Parameter Conditionally Existent on another Parameters

Hello everyone,

In essence, I am trying to make a massive model comparison job tractable.

I have a model “myModel” that I want to describe some data y. I want the model to behave in a piecewise fashion, changing its behaviour between breakpoints defined in u. However, I do not know in advance how many breakpoints there are (this is part of what I am interested in, as well as their position).

Hence, I have an integer parameter n (the number of breakpoints) that can be any value between 1 and max_n. As n is the number of breakpoints the value of the breakpoints in u are only relevant if they are the first n values.

As n is an integer it has to be marginalized out, hence the sum over the log_likelihoods.

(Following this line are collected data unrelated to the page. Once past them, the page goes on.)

(* target is nonincreasing, since the four blocks are separated by the thresholds
   u + v + 1, 0 and -(u + v); hence sig_star lies in W^1. *)
Lemma sorted_target : sorted >=%R target.
Proof.
have [sIsh sJsh _] := shifted_split.
have XYb x : x \in X ++ Y -> (u + v + 1)%N%:R <= (x%:R : rat).
  by rewrite mem_XY => /andP[h _]; rewrite ler_nat.
have IJb x : x \in Ish ++ Jsh -> 1 <= (x%:R : rat) <= (u + v)%N%:R.
  by move=> /mem_IJsh /andP[h1 h2]; rewrite ler1n ler_nat h1 h2.
rewrite /target /target_pos /target_neg !map_cat -!catA.
apply: (@sorted_ge_cat _ _ _ (u + v + 1)%N%:R).
- exact: sorted_gtn_ge_pos.
- apply: (@sorted_ge_cat _ _ _ 0); first exact: sorted_gtn_ge_pos.
  + apply: (@sorted_ge_cat _ _ _ (- (u + v)%N%:R)); try exact: sorted_gtn_ge_neg.
    * apply/allP=> y /mapP[x]; rewrite mem_rev => xJ -> /=; rewrite lerN2.
      have xIJ : x \in Ish ++ Jsh by rewrite mem_cat xJ orbT.
      by have /andP[] := IJb x xIJ.
    * apply/allP=> y /mapP[x]; rewrite mem_rev => xY -> /=; rewrite lerN2.
      have xXY : x \in X ++ Y by rewrite mem_cat xY orbT.
      by apply: le_trans (XYb x xXY); rewrite ler_nat addn1.
  + apply/allP=> y /mapP[x xI ->]; have xIJ : x \in Ish ++ Jsh by rewrite mem_cat xI.
    by have /andP[+ _] := IJb x xIJ; apply: le_trans.
  + by rewrite -map_cat; apply/allP=> y /mapP[x _ ->]; rewrite /= oppr_le0.
- by apply/allP=> y /mapP[x xX ->]; apply: XYb; rewrite mem_cat xX.
- have neg_le s : all (<= (u + v + 1)%N%:R) [seq - x%:R : rat | x <- s].
    by apply/allP=> y /mapP[x _ ->] /=; apply: le_trans (ler0n _ _); rewrite oppr_le0.
  rewrite !all_cat !neg_le !andbT; apply/allP=> y /mapP[x xI ->] /=.
  have xIJ : x \in Ish ++ Jsh by rewrite mem_cat xI.
  by have /andP[_ h] := IJb x xIJ; apply: le_trans h _; rewrite ler_nat addn1.
Qed.

Lemma size_target : size target = n.
Proof. by rewrite size_cat !size_map -size_cat size_target_abs. Qed.

Lemma inW1_sig_star : inW1 n sig_star.
Proof.
move=> i j ij; rewrite !Wact_sig_star.
by apply: (sorted_leq_nth ge_trans (fun x => lexx x) 0 sorted_target); rewrite ?inE ?size_target.
Qed.

(* The Weyl group element: coordinate t of w tau picks the entry w_pos t of
   x Lambda_k; the outer coordinates pick the plateau k, ..., -k+1. *)
Definition w_pos (t : nat) : nat :=
  if (t < q)%N then (u + t)%N
  else if (t < q + (u + v))%N then (if (t - q < u)%N then t - q else t - q + 2 * k)%N
  else (t - (q + (u + v)) + u + q)%N.

Lemma w_pos_lt t : (t < n)%N -> (w_pos t < n)%N.
Proof. by rewrite /w_pos; have := n_split; do !case: ifP; clear -pq2k; lia. Qed.

Lemma w_pos_inj t1 t2 : (t1 < n)%N -> (t2 < n)%N -> w_pos t1 = w_pos t2 -> t1 = t2.
Proof. by rewrite /w_pos; have := n_split; do !case: ifP; clear -pq2k; lia. Qed.

Definition w_ord (t : 'I_n) : 'I_n := insubd t (w_pos t).

Lemma val_w_ord t : val (w_ord t) = w_pos t.
Proof. by rewrite val_insubd w_pos_lt. Qed.

Lemma w_ord_inj : injective w_ord.
Proof.
move=> t1 t2 /(congr1 val); rewrite !val_w_ord => /w_pos_inj E.
by apply: ord_inj; apply: E.
Qed.

Definition w_star : {perm 'I_n} := ((perm w_ord_inj)^-1)%g.

Lemma shift_const : (q%:R - p%:R) / 2 = q%:R - k%:R :> rat.
Proof. by have := congr1 (fun m => m%:R : rat) pq2k; rewrite /= natrD natrM; lra. Qed.

Definition lhs_target (t : nat) : rat :=
  if (q <= t < q + (u + v))%N then nth 0 target t else (u + q)%N%:R - t%:R.

(* The left-hand side of (E) for w_star: the middle coordinates are target (by
   mu_expl), the outer ones u + q - t (from the plateau). *)
Lemma wact_w_star t :
  wact n w_star (tau n k I J) t + rho_k n t + (q%:R - p%:R) / 2 = lhs_target t.
Proof.
rewrite wact_tau /w_star invgK permE val_w_ord shift_const /lhs_target /w_pos.
have nE := n_split; have tn := ltn_ord t.
case: (ltnP t q) => [tq|qt] /=.
  by rewrite muM ?sizeI; [rewrite !natrD; ring | move: tq pq2k; clear; lia].
case: (ltnP t (q + (u + v))) => [tm|mt] /=.
  have jb : (t - q < u + v)%N by move: qt tm; clear; lia.
  rewrite -[in RHS](subnKC qt) (target_mid jb) -(mu_expl jb) natrB //; ring.
by rewrite muM ?sizeI; [rewrite !natrD; ring | move: mt tn nE pq2k; clear; lia].
Qed.

Lemma X_low : all (fun x => u + v + 1 <= x)%N X.
Proof. by apply/allP=> x /(nthP 0%N)[i]; rewrite size_tuple => iq <-; case/andP: (rangeX iq). Qed.

Lemma Y_low : all (fun y => u + v + 1 <= y)%N Y.
Proof. by apply/allP=> y /(nthP 0%N)[j]; rewrite size_tuple => jp <-; case/andP: (rangeY jp). Qed.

My question is whether this is a valid way of having the values of u conditionally used (based on n) or if this is going to cause havoc with sampling and convergence because the values of u at indexes lower than n are not going to have any impact on the likelihood yet they have been sampled.

data {
  int<lower=1> max_n; // Maximum possible value of n
  int<lower=1> n_data; // Number of data points
  vector[n_data] y; // Observed data
}

parameters {
  vector[max_n] u; // Independent uniform samples for the maximum n
   vector[max_n] full_vector;
}

transformed parameters {
  real log_lik[max_n]; // Log-likelihood for each possible n
  
  for (int n = 1; n <= max_n; n++) {
    
    for (int i = 1:n_max) {
      if (i <= n) {
        full_vector[i] = u[i];
      } else {
        full_vector[i] = 301; // Placeholder for infinity
      }
    }
    
    // Compute likelihood given the data and full_vector
    // Normal likelihood with mean as that is my model that takes vector u
    log_lik[n] = 0; // Reset
    for (int i = 1:n_data; i++) {
      log_lik[n] += normal_lpdf(y[i] | myModel(u), sigma); // Example likelihood
    }
  }
}

model {
  // Uniform prior on the parameters u
  u ~ uniform(0, 1);
  
 sigma ~ uniform(0, 10)

  // Marginalize over all possible n values using the likelihood
  target += log_sum_exp(log_lik);
}

Hi @DASface42 and welcome to the Stan forums. Sorry it’s taken so long to answer your first post.

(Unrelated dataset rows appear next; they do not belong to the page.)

(* A multiaffine function of the X_k that is not identically zero vanishes
   with probability 0: write F = F0 + x_j a with F0, a free of x_j; where
   a(X) <> 0 the zero set is an affine root in X_j, and a(X) = 0 is null by
   induction unless a is identically zero, in which case F = F0. *)
Lemma multiaffine_zero_null {S} {F : (I -> R) -> R} : multiaffine F -> depends_on F S ->
  (exists x, F x != 0%R) -> P.-negligible [set w | F (values w) = 0%R].
Proof.
move Sn : #|S| => n; elim: n S F Sn => [|n IH] S F cS hF dF [x0 Fx0].
  have S0 : S = finset.set0 by apply/eqP; rewrite -cards_eq0 cS.
  rewrite S0 in dF; rewrite (_ : [set w | _] = set0); first exact: negligible_set0.
  apply/seteqP; split => w //= Fw; move: Fx0.
  by rewrite (depends_on_set0 dF x0) -(depends_on_set0 dF (values w)) Fw eqxx.
have [j jS cS'] := card_pick cS.
have jS' : j \notin S :\ j by rewrite in_setD1 eqxx.
pose F0 x := F (upd x j 0%R).
pose a x := (F (upd x j 1%R) - F0 x)%R.
have hF0 : multiaffine F0 := multiaffine_upd j 0%R hF.
have dF0 : depends_on F0 (S :\ j) := depends_on_upd j 0%R dF.
have ha : multiaffine a := multiaffine_sub (multiaffine_upd j 1%R hF) hF0.
have da : depends_on a (S :\ j) := depends_on_sub (depends_on_upd j 1%R dF) dF0.
have F_decomp x : F x = (F0 x + x j * a x)%R := hF j x.
case: (pselect (exists x, a x != 0%R)) => [a_nz|a_z].
  apply: (negligibleS _ (negligibleU (IH _ a cS' ha da a_nz)
    (affine_root_null jS' (multiaffine_measurable ha da) (multiaffine_measurable hF0 dF0)))).
  move=> w /= Fw; have [a0|a0] := eqVneq (a (values w)) 0%R; [left|right] => //=.
  by split => //; move: Fw; rewrite F_decomp addrC.
have F_F0 x : F x = F0 x.
  rewrite F_decomp; have [->|a_x] := eqVneq (a x) 0%R; first by rewrite mulr0 addr0.
  by case: a_z; exists x.
rewrite (_ : [set w | _] = [set w | F0 (values w) = 0%R]).
  by apply: (IH _ _ cS' hF0 dF0); exists x0; rewrite -F_F0.
by apply/seteqP; split => w /=; rewrite F_F0.
Qed.

End vanishing.
Arguments values {R dT T I} X w.

Section coefficient_matrix.
Context {R : comPzRingType} {m n p : nat}.

(* Row j of [coef_mx W V] is vec(V_{:,j} W_{j,:}); it represents the linear
   map gam |-> V diag(gam) W by a matrix. *)
Definition coef_mx (W : 'M[R]_(p, n)) (V : 'M[R]_(m, p)) : 'M[R]_(p, m * n) :=
  \matrix_(j < p) mxvec (col j V *m row j W).

Lemma coef_mxE W V j (i : 'I_m) (k : 'I_n) :
  coef_mx W V j (mxvec_index i k) = V i j * W j k.
Proof. by rewrite /coef_mx mxE mxvecE mxE big_ord1 !mxE. Qed.

Lemma mxvec_diag_factor W V (gam : 'rV[R]_p) :
  mxvec (V *m diag_mx gam *m W) = gam *m coef_mx W V.
Proof.
apply/rowP => c; case/mxvec_indexP: c => i k.
rewrite mxvecE mul_mx_diag mulmx_sum_row summxE !mxE.
apply: eq_bigr => j _; rewrite !mxE mxvecE !mxE big_ord1 !mxE.
by rewrite mulrCA mulrA.
Qed.

End coefficient_matrix.

Lemma diag_factor_solvable {F : fieldType} {m n} {W : 'M[F]_(m * n, n)}
    {V : 'M[F]_(m, m * n)} :
  \det (coef_mx W V) != 0 -> forall M : 'M[F]_(m, n),
  exists gam : 'rV[F]_(m * n), V *m diag_mx gam *m W = M.
Proof.
move=> det_nz M; have B_unit : coef_mx W V \in unitmx by rewrite unitmxE unitfE.
exists (mxvec M *m invmx (coef_mx W V)); apply: (can_inj mxvecK).
by rewrite mxvec_diag_factor -mulmxA mulVmx // mulmx1.
Qed.

Section det_affine.
Context {R : comPzRingType} {I : finType} (n : nat) (M : (I -> R) -> 'M[R]_n)
  (e : I) (r : 'I_n).
Hypotheses (entry_ma : forall i k, multiaffine (fun x => M x i k))
  (other_rows : forall x t i k, i != r -> M (upd x e t) i k = M x i k).

Lemma cofactor_upd x t k : cofactor (M (upd x e t)) r k = cofactor (M x) r k.
Proof.
rewrite /cofactor; congr (_ * \det _); apply/matrixP => i j; rewrite !mxE.
by apply: other_rows; rewrite eq_sym neq_lift.
Qed.

(* Expanding along row r, det (M x) is affine in x_e. *)
Lemma det_affine x : \det (M x) = \det (M (upd x e 0)) +
  x e * (\det (M (upd x e 1)) - \det (M (upd x e 0))).
Proof.
rewrite !(expand_det_row _ r) -sumrB mulr_sumr -big_split /=.
apply: eq_bigr => k _; rewrite !cofactor_upd {1}(entry_ma r k e x); ring.
Qed.

End det_affine.

Section det_coef.
Context {R : comPzRingType} (d : nat).

Definition W_of (x : entry_idx d -> R) : 'M[R]_(d ^ 2, d) := \matrix_(j, k) x (inl (j, k)).
Definition V_of (x : entry_idx d -> R) : 'M[R]_(d, d ^ 2) := \matrix_(i, j) x (inr (i, j)).

Definition det_coef (x : entry_idx d -> R) : R := \det (coef_mx (W_of x) (V_of x)).

(* Each entry of coef_mx is a product V_ij W_jk of two distinct coordinates,
   and each coordinate enters a single row j, so [det_affine] applies. *)
Lemma det_coef_multiaffine : multiaffine det_coef.
Proof.
pose row_of (e : entry_idx d) : 'I_(d ^ 2) :=
  match e with inl (j, _) => j | inr (_, j) => j end.
move=> e x; apply: (@det_affine _ _ _ (fun x => coef_mx (W_of x) (V_of x)) e (row_of e)).
- move=> j c; case/mxvec_indexP: c => i k.
  rewrite (_ : (fun x => _) = (fun x => x (inr (i, j)) * x (inl (j, k)))).
    exact: multiaffine_mul.
  by apply/funext => y; rewrite coef_mxE !mxE.
- move=> y t j c j_ne; case/mxvec_indexP: c => i k; rewrite !coef_mxE !mxE.
  case: e j_ne => [[j' k']|[i' j']] /= j_ne; rewrite !upd_neq //.
  + by apply/eqP => -[jj _]; rewrite jj eqxx in j_ne.
  + by apply/eqP => -[_ jj]; rewrite jj eqxx in j_ne.
Qed.

End det_coef.
Arguments W_of {R d}. Arguments V_of {R d}. Arguments det_coef {R d}.

Lemma mxvec_index_inj {m n} {i i' : 'I_m} {k k' : 'I_n} :
  mxvec_index i k = mxvec_index i' k' -> i = i' /\ k = k'.
Proof. by rewrite /mxvec_index => /cast_ord_inj /enum_rank_inj [-> ->]. Qed.

(* det_coef is not identically zero: for W_{jk} = [j = (i,k) for some i] and
   V_{ij} = [j = (i,k) for some k], coef_mx W V is the identity. *)
Lemma det_coef_nonzero {R : comNzRingType} d : exists x : entry_idx d -> R, det_coef x != 0.
Proof.
exists (fun e => match e with
  | inl (j, k) => ([exists i : 'I_d, j == mxvec_index i k] : nat)%:R
  | inr (i, j) => ([exists k : 'I_d, j == mxvec_index i k] : nat)%:R
  end).
rewrite /det_coef (_ : coef_mx _ _ = 1%:M) ?det1 ?oner_neq0 //.
apply/matrixP => j c; case/mxvec_indexP: c => i k; rewrite coef_mxE !mxE /=.
have [->|ne] := eqVneq j (mxvec_index i k).
  have ex_k : [exists k', mxvec_index i k == mxvec_index i k'] by apply/existsP; exists k.
  have ex_i : [exists i', mxvec_index i k == mxvec_index i' k] by apply/existsP; exists i.
  by rewrite ex_k ex_i mulr1.
case: (boolP [exists k', j == mxvec_index i k']) => [/existsP [k' /eqP jk']|]; last by rewrite mul0r.
case: (boolP [exists i', j == mxvec_index i' k]) => [/existsP [i' /eqP ji']|]; last by rewrite mulr0.
have [_ kk] := mxvec_index_inj (etrans (esym ji') jk').
by move: ne; rewrite jk' kk eqxx.
Qed.

Section network.
Context {R : realType} {d : nat}.

Lemma unit_ball_coord (x : 'cV[R]_d) : in_unit_ball x -> forall k, `|x k 0| <= 1.
Proof.
move=> hx k; have xk2 : x k 0 ^+ 2 <= 1.
  apply: le_trans hx; rewrite (bigD1 k) //= lerDl.
  by apply: sumr_ge0 => i _; exact: sqr_ge0.
by rewrite -(expr_le1 (n:=2)) // real_normK // num_real.
Qed.

(* A first-layer bias dominating |gam_j ((W x)_j - mu_j)| on the unit ball. *)
Definition safe_bias (W : 'M[R]_(d ^ 2, d)) (mu : 'cV[R]_(d ^ 2)) (gam : 'rV[R]_(d ^ 2)) :
  'cV[R]_(d ^ 2) := \col_j (`|gam 0 j| * (\sum_k `|W j k| + `|mu j 0|)).

Lemma first_layer_affine W mu s gam x : s != 0 -> in_unit_ball x ->
  relu_mx (diag_mx (s *: gam) *m (s^-1 *: (W *m x - mu)) + safe_bias W mu gam) =
  diag_mx gam *m (W *m x - mu) + safe_bias W mu gam.
Proof.
move=> hs hx; apply/matrixP => j z; rewrite (ord1 z) !mul_diag_mx !mxE.
rewrite [s * _]mulrC -mulrA mulVKf //; set y := (W *m x) j 0 - mu j 0.
have bound : `|gam 0 j * y| <= `|gam 0 j| * (\sum_k `|W j k| + `|mu j 0|).
  rewrite normrM ler_wpM2l //; apply: le_trans (ler_normB _ _) _; rewrite lerD2r.
  rewrite mxE; apply: le_trans (ler_norm_sum _ _ _) _; apply: ler_sum => k _.
  by rewrite normrM -[X in _ <= X]mulr1 ler_wpM2l // unit_ball_coord.
rewrite /relu; apply/max_idPl; move: bound; rewrite ler_norml => /andP [low _].
by rewrite -lerBlDr sub0r; move: low; rewrite /y mxE.
Qed.

Lemma bn_net_realizes (gs : 'rV[R]_d) (Ws : 'M[R]_d) (bs : 'cV[R]_d)
    (mu : 'cV[R]_(d ^ 2)) (mu' : 'cV[R]_d) (s s' : R)
    (W : 'M[R]_(d ^ 2, d)) (V : 'M[R]_(d, d ^ 2)) (gam : 'rV[R]_(d ^ 2)) :
  s != 0 -> s' != 0 -> V *m diag_mx gam *m W = diag_mx gs *m Ws ->
  exists g b g' b', forall x, in_unit_ball x ->
    bn_net W V mu mu' s s' g b g' b' x = relu_layer gs Ws bs x.
Proof.
move=> hs hs' hgam; set b := safe_bias W mu gam.
exists (s *: gam), b, (const_mx s'), (bs + V *m (diag_mx gam *m mu) - V *m b + mu').
move=> x hx; rewrite /bn_net /relu_layer first_layer_affine //; congr relu_mx.
rewrite diag_const_mx mul_scalar_mx scalerA mulfV // scale1r.
rewrite mulmxDr !mulmxBr !mulmxA hgam.
set A := diag_mx gs *m Ws *m x; set B := V *m diag_mx gam *m mu; set C := V *m b.
by apply/matrixP => i j; rewrite !mxE; ring.
Qed.

End network.

Theorem lemma4p1 (R : realType) (d : nat)
  (gs : 'rV[R]_d) (Ws : 'M[R]_d) (bs : 'cV[R]_d)
  (mu : 'cV[R]_(d ^ 2)) (mu' : 'cV[R]_d) (s s' : R)
  (hs : s != 0) (hs' : s' != 0)
  (law : probability R R) (hlaw : continuous_bounded_law law)
  (dT : measure_display) (T : measurableType dT) (P : probability T R)
  (W : T -> 'M[R]_(d ^ 2, d)) (V : T -> 'M[R]_(d, d ^ 2))
  (hmeas : forall j, measurable_fun setT (entry_of W V j))
  (hdist : forall j (B : set R), measurable B ->
     P (entry_of W V j @^-1` B) = law B)
  (hind : mutually_independent P (entry_of W V)) :
  {ae P, forall w : T,
    exists (g : 'rV[R]_(d ^ 2)) (b : 'cV[R]_(d ^ 2)) (g' : 'rV[R]_d) (b' : 'cV[R]_d),
      forall x : 'cV[R]_d, in_unit_ball x ->
        bn_net (W w) (V w) mu mu' s s' g b g' b' x = relu_layer gs Ws bs x}.
Proof.
have det_null := multiaffine_zero_null hmeas hdist hlaw.1 hind
  (det_coef_multiaffine d) (depends_on_setT _) (det_coef_nonzero d).
apply: (negligibleS _ det_null) => w /= not_realizable.
apply/eqP; case: eqVneq => // det_nz; exfalso; apply: not_realizable.
have WE : W_of (values (entry_of W V) w) = W w by apply/matrixP => i j; rewrite mxE.
have VE : V_of (values (entry_of W V) w) = V w by apply/matrixP => i j; rewrite mxE.
rewrite /det_coef WE VE in det_nz.
have [gam hgam] := diag_factor_solvable det_nz (diag_mx gs *m Ws).
exact: bn_net_realizes hs hs' hgam.
Qed.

I’m afraid Stan doesn’t let you do that directly by literally changing the number of parameters.

I think your best bet computationally and in terms of being easy to explain will just be fitting several models for different numbers of change points and then comparing with cross-validation using leave-one-out cross-validation (LOO).

You can do it with one model if you’re willing to define a mixture of mixtures. That is, if you think 5 is the maximum number of change points, you define a mixture model where the mixture components are the 5 change point model, the 4 change point model, the 3 change point model, etc. This is just one big mixture at the top, not a mixture of each data item. This requires a lot of compute as you need to fit all of the change point models simultaneously. That will also force you to come to grips with writing a prior that perhaps penalizes a large number of components. With this approach, the mixture proportion parameter (a simplex) will have a posterior that tells you how much each model is supported by the data.

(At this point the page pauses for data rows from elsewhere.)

(* Let $1\le r\le s\le t$ and let $u=ABCd$, $v=A'B'C'd'$ be vertices of $E3C(r,s,t)$ with $A\ne A'$, $B\ne B'$, $C=C'$ and $d\ne d'$. Then there exist $2r+2$ pairwise internally disjoint $u$–$v$ paths in $E3C(r,s,t)$, each of length at most $r+s+7$.
   Context: The exchanged 3-ary $n$-cube $E3C(r,s,t)$ ($r,s,t\ge1$, $n=r+s+t+1$): vertices are strings written $x=ABCd$ with $A\in\{0,1,2\}^r$, $B\in\{0,1,2\}^s$, $C\in\{0,1,2\}^t$, $d\in\{0,1,2\}$. Two distinct vertices $x=ABCd$, $y=A'B'C'd'$ are adjacent iff one of: (E0) $A=A',B=B',C=C'$ and $d\ne d'$; (E1) $d=d'=0$, $A=A'$, $B=B'$ and $C,C'$ differ in exactly one position; (E2) $d=d'=1$, $A=A'$, $C=C'$ and $B,B'$ differ in exactly one position; (E3) $d=d'=2$, $B=B'$, $C=C'$ and $A,A'$ differ in exactly one position. Paths are internally disjoint if they share no vertices other than their endpoints; length = number of edges. *)

From mathcomp Require Import all_boot.
Set Implicit Arguments. Unset Strict Implicit. Unset Printing Implicit Defensive.

Definition word (n : nat) := {ffun 'I_n -> 'I_3}.

Definition vtx (r s t : nat) : finType := (word r * word s * word t * 'I_3)%type.

Definition vA r s t (x : vtx r s t) : word r := x.1.1.1.
Definition vB r s t (x : vtx r s t) : word s := x.1.1.2.
Definition vC r s t (x : vtx r s t) : word t := x.1.2.
Definition vd r s t (x : vtx r s t) : 'I_3 := x.2.

Definition diff1 n (a b : word n) : bool := #|[set i | a i != b i]| == 1.

Definition e3c_adj r s t : rel (vtx r s t) := fun x y =>
  (x != y) &&
  [|| [&& vA x == vA y, vB x == vB y, vC x == vC y & vd x != vd y],
      [&& (vd x == 0 :> nat), (vd y == 0 :> nat), vA x == vA y, vB x == vB y
          & diff1 (vC x) (vC y)],
      [&& (vd x == 1 :> nat), (vd y == 1 :> nat), vA x == vA y, vC x == vC y
          & diff1 (vB x) (vB y)]
    | [&& (vd x == 2 :> nat), (vd y == 2 :> nat), vB x == vB y, vC x == vC y
          & diff1 (vA x) (vA y)]].

Definition is_path (T : eqType) (e : rel T) (u v : T) (p : seq T) : bool :=
  [&& p != [::], head u p == u, last u p == v, path e u (behead p) & uniq p].

Definition path_len (T : Type) (p : seq T) : nat := (size p).-1.

Definition int_disjoint (T : eqType) (u v : T) (p q : seq T) : Prop :=
  forall x, x \in p -> x \in q -> x = u \/ x = v.

From mathcomp Require Import all_boot zify.
Set Implicit Arguments. Unset Strict Implicit. Unset Printing Implicit Defensive.

(* Reversing all paths, and exchanging the blocks A and B (an isomorphism
   E3C(s,r,t) -> E3C(r,s,t) that swaps the last symbols 1 and 2), reduce the
   theorem to d = 0, d' = 2 and to d = 1, d' = 2.  Two of the walks change A
   and B coordinate by coordinate inside the layers d = 2 and d = 1 (one of
   them after a detour through a neighbour of C when d = 1).  Each of the
   other 2r walks first steps to one of the 2r neighbours of u that differ
   from it in one coordinate of C (when d = 0) or of B (when d = 1), then
   crosses over in the same way and comes back.  Every internal vertex
   determines the walk it lies on, so the walks are internally disjoint, and
   removing loops turns them into paths without making them longer. *)

Section DisjointPaths.
Variables (T : eqType) (e : rel T).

Are the breakpoint values continuous or discrete? If they’re discrete as in the example in the Stan User’s Guide for coal mining disasters, then high numbers of break points become intractable to marginalize.

If you use too many breakpoints, they can collapse into each other if you don’t use a zero-avoiding prior on the distance between breakpoints.

In your example, that’s just target += sum(log_lik); if the log_lik are data likelihoods as the doc comment says. Also, if you give a parameter a uniform(0, 1) distribution like u, then you need to declare it with matching constraints, vector<lower=0, upper=1>[max_n] u;.